Agli effetti delle imposte sulle successioni e donazioni, di registro, ipotecaria, catastale e comunale sull'incremento di valore degli immobili, compresa quella decennale e straordinaria, puo' formare oggetto di adesione il maggior valore o il valore venale dei beni e dei diritti stabilito dall'ufficio e suscettibile di rettifica secondo le singole leggi d'imposta, compresi i valori dei fabbricati e dei terreni diversi dalle aree edificabili dichiarati in misura inferiore a quella risultante su base catastale. Puo' formare oggetto di adesione, purche' suscettibile di rettifica, anche il valore iniziale agli effetti dell'imposta comunale sull'incremento di valore degli immobili, dichiarato in misura superiore a quella risultante su base catastale. L'adesione ha effetto per tutti i tributi dovuti dai contribuenti, relativamente a ciascun atto, denuncia o dichiarazione che ha formato oggetto di imposizione.
Se un atto contiene piu' disposizioni che non derivano necessariamente, per la loro intrinseca natura, le une dalle altre, ciascuna di esse, se soggetta ad autonoma imposizione, forma oggetto di definizione con adesione come se fosse un atto distinto.

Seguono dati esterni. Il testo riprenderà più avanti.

(* Assume the setting below. For every $i\in\mathbb{N}$ let $Y_i,Y_i'\subseteq X_i\setminus\{o\}$ be non-empty disjoint subsets, let $\mathcal{Y}=\prod_{i\ge1}Y_i$, $\mathcal{Y}'=\prod_{i\ge1}Y_i'$ (with the product topology of the discrete finite sets), and let $m_j$ denote the maximal order of an element of $A_j$. Suppose that for every $n\in\mathbb{N}$ there is some $j$ with \[|Y_j|\,|Y_j'|>n\,m_j\,(|Y_j|+|Y_j'|).\] Then the set of shrinking pairs $(\alpha,\beta)$ is dense in $\mathcal{Y}\times\mathcal{Y}'$.
   Context: Setting: $Q,G$ are groups and $X=(X_n)_{n\in\mathbb{N}}$ is a sequence of finite sets with $|X_n|\ge2$, each with actions of $Q$ and $G$; $Q_n,G_n\subseteq\mathrm{Sym}(X_n)$ are the images and $A_n=\langle Q_n,G_n\rangle$. Assume for all $n$: (A1) $G,Q$ finitely generated; (A2) $Q$ perfect; (A3) $A_n$ is transitive on $X_n$ and generated by the $G_n$-conjugates of $Q_n$. $\mathcal{T}_j$ is the rooted tree of finite words $x_j\cdots x_k$ ($x_i\in X_i$), $\mathrm{Aut}(\mathcal{T}_j)$ its root-fixing automorphisms; sections $h|_u\in\mathrm{Aut}(\mathcal{T}_{j+\ell})$ (for $u$ of level $\ell$) are defined by $h(uv)=h(u)h|_u(v)$. $A_j$ acts by rooted automorphisms $a\cdot x_jx_{j+1}\cdots x_k=(ax_j)x_{j+1}\cdots x_k$ and is identified with its image; $q_j,g_j$ denote images of $q\in Q,g\in G$ in $A_j$. A point $o\in X_i$ is fixed in each $X_i$; $\mathcal{S}=\prod_{i\ge1}(X_i\setminus\{o\})$. For $\alpha\in\mathcal{S}$, $q\in Q$, $\tilde q^\alpha_{[j]}\in\mathrm{Aut}(\mathcal{T}_j)$ acts trivially on the first level with section at $x\in X_j$ equal to $\tilde q^\alpha_{[j+1]}$ if $x=o$, $q_{j+1}$ if $x=\alpha_j$, identity otherwise; analogously $\tilde g^\beta_{[j]}$ for $\beta\in\mathcal{S}$, $g\in G$. $\tilde Q^\alpha_{[j]},\tilde G^\beta_{[j]}$ are the sets of these elements, $\Gamma_j^{\alpha,\beta}=\langle A_j,\tilde Q^\alpha_{[j]},\tilde G^\beta_{[j]}\rangle$, and $\tilde B^{\alpha,\beta}_j=\tilde Q^\alpha_{[j]}\tilde G^\beta_{[j]}$. Stabilized sections: for $g\in\mathrm{Aut}(\mathcal{T}_j)$ and a vertex $u$, $\ell_u(g)$ is the length of the orbit of $u$ under $\langle g\rangle$ and $g\Vert_u=g^{\ell_u(g)}|_u$. A pair $(\alpha,\beta)\in\mathcal{S}^2$ is shrinking if $\alpha_j\ne\beta_j$ for all $j$ and for each $\gamma\in\Gamma_1^{\alpha,\beta}$ there is $k\in\mathbb{N}$ such that for every vertex $x$ of level $k$ of $\mathcal{T}_1$, $\gamma\Vert_x$ lies in $\tilde B^{\alpha,\beta}_{k+1}$ or in $A_{k+1}$. *)

(* Indexing convention: the paper's
   levels i = 1,2,3,... are represented by the natural numbers 0,1,2,...
   (paper index i  <->  Rocq index i-1). *)
From HB Require Import structures.
From mathcomp Require Import all_boot all_fingroup.
From mathcomp Require Import boolp.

L'adesione e' ammessa anteriormente alla notifica dell'avviso di accertamento successivo alla liquidazione dell'imposta principale, nonche' durante la pendenza del termine per l'impugnativa da parte di almeno uno degli obbligati anche se lo stesso termine sia gia' decorso per alcuno degli obbligati medesimi, cui sia stato notificato l'avviso di accertamento in tempi diversi. Sono esclusi dall'adesione i valori dei beni, compresi i relativi diritti, per i quali risulti impugnato, anche da uno solo dei contribuenti, l'avviso di accertamento di valore o di maggior valore nonche' i fabbricati per i quali il contribuente ha chiesto, nel rispetto delle condizioni prescritte, di avvalersi della determinazione del valore su base catastale ai sensi dell'art. 12 della legge 13 maggio 1988, n. 154.
Sono escluse le adesioni parziali riguardanti singoli beni o diritti contenuti nello stesso atto, denuncia o dichiarazione.
AVVERTENZA:
Il testo delle note qui pubblicato e' stato redatto ai sensi dell'art. 10, comma 3, del testo unico delle disposizioni sulla promulgazione delle leggi, sull'emanazione dei decreti del Presidente della Repubblica e sulle pubblicazioni ufficiali della Repubblica italiana, approvato con D.P.R. 28 dicembre 1985, n. 1092, al solo fine di facilitare la lettura delle disposizioni di legge alle quali e' operato il rinvio. Restano invariati il valore e l'efficacia degli atti legislativi qui trascritti.
Note alle premesse:
- L'art. 87, comma quinto, della Costituzione conferisce al Presidente della Repubblica il potere di promulgare le leggi e di emanare i decreti aventi valore di legge ed i regolamenti.
- Il comma 2 dell'art. 17 della legge n. 400/1988 (Disciplina dell'attivita' di Governo e ordinamento della Presidenza del Consiglio dei Ministri) prevede che con decreto del Presidente della Repubblica, previa deliberazione del Consiglio dei Ministri, sentito il Consiglio di Stato, siano emanati i regolamenti per la disciplina delle materie, non coperte da riserva assoluta di legge prevista dalla Costituzione, per le quali le leggi della Repubblica, autorizzando l'esercizio della potesta' regolamentare del Governo, determinino le norme generali regolatrici della materia e dispongano l'abrogazione delle norme vigenti, con effetto dall'entrata in vigore delle norme regolamentari.
- Il comma 2 dell'art. 2-ter del D.L. n. 564/1994 (Disposizioni urgenti in materia fiscale) prevede che: "Con regolamento da emanare ai sensi dell'art. 17, comma 2, della legge 23 agosto 1988, n. 400, entro novanta giorni dalla data di entrata in vigore della legge di conversione del presente decreto, sono stabilite le disposizioni necessarie per la determinazione delle modalita' dell'accertamento con adesione basate su parametri oggettivi, ovvero, in mancanza di questi, su indagini sui valori medi di mercato nella varie aree geografiche, con specifiche distinzioni per zone aventi caratteristiche similari, nonche' su studi idonei a realizzare la massima trasparenza e aderenza alla realta' economica dei valori oggetto della rettifica".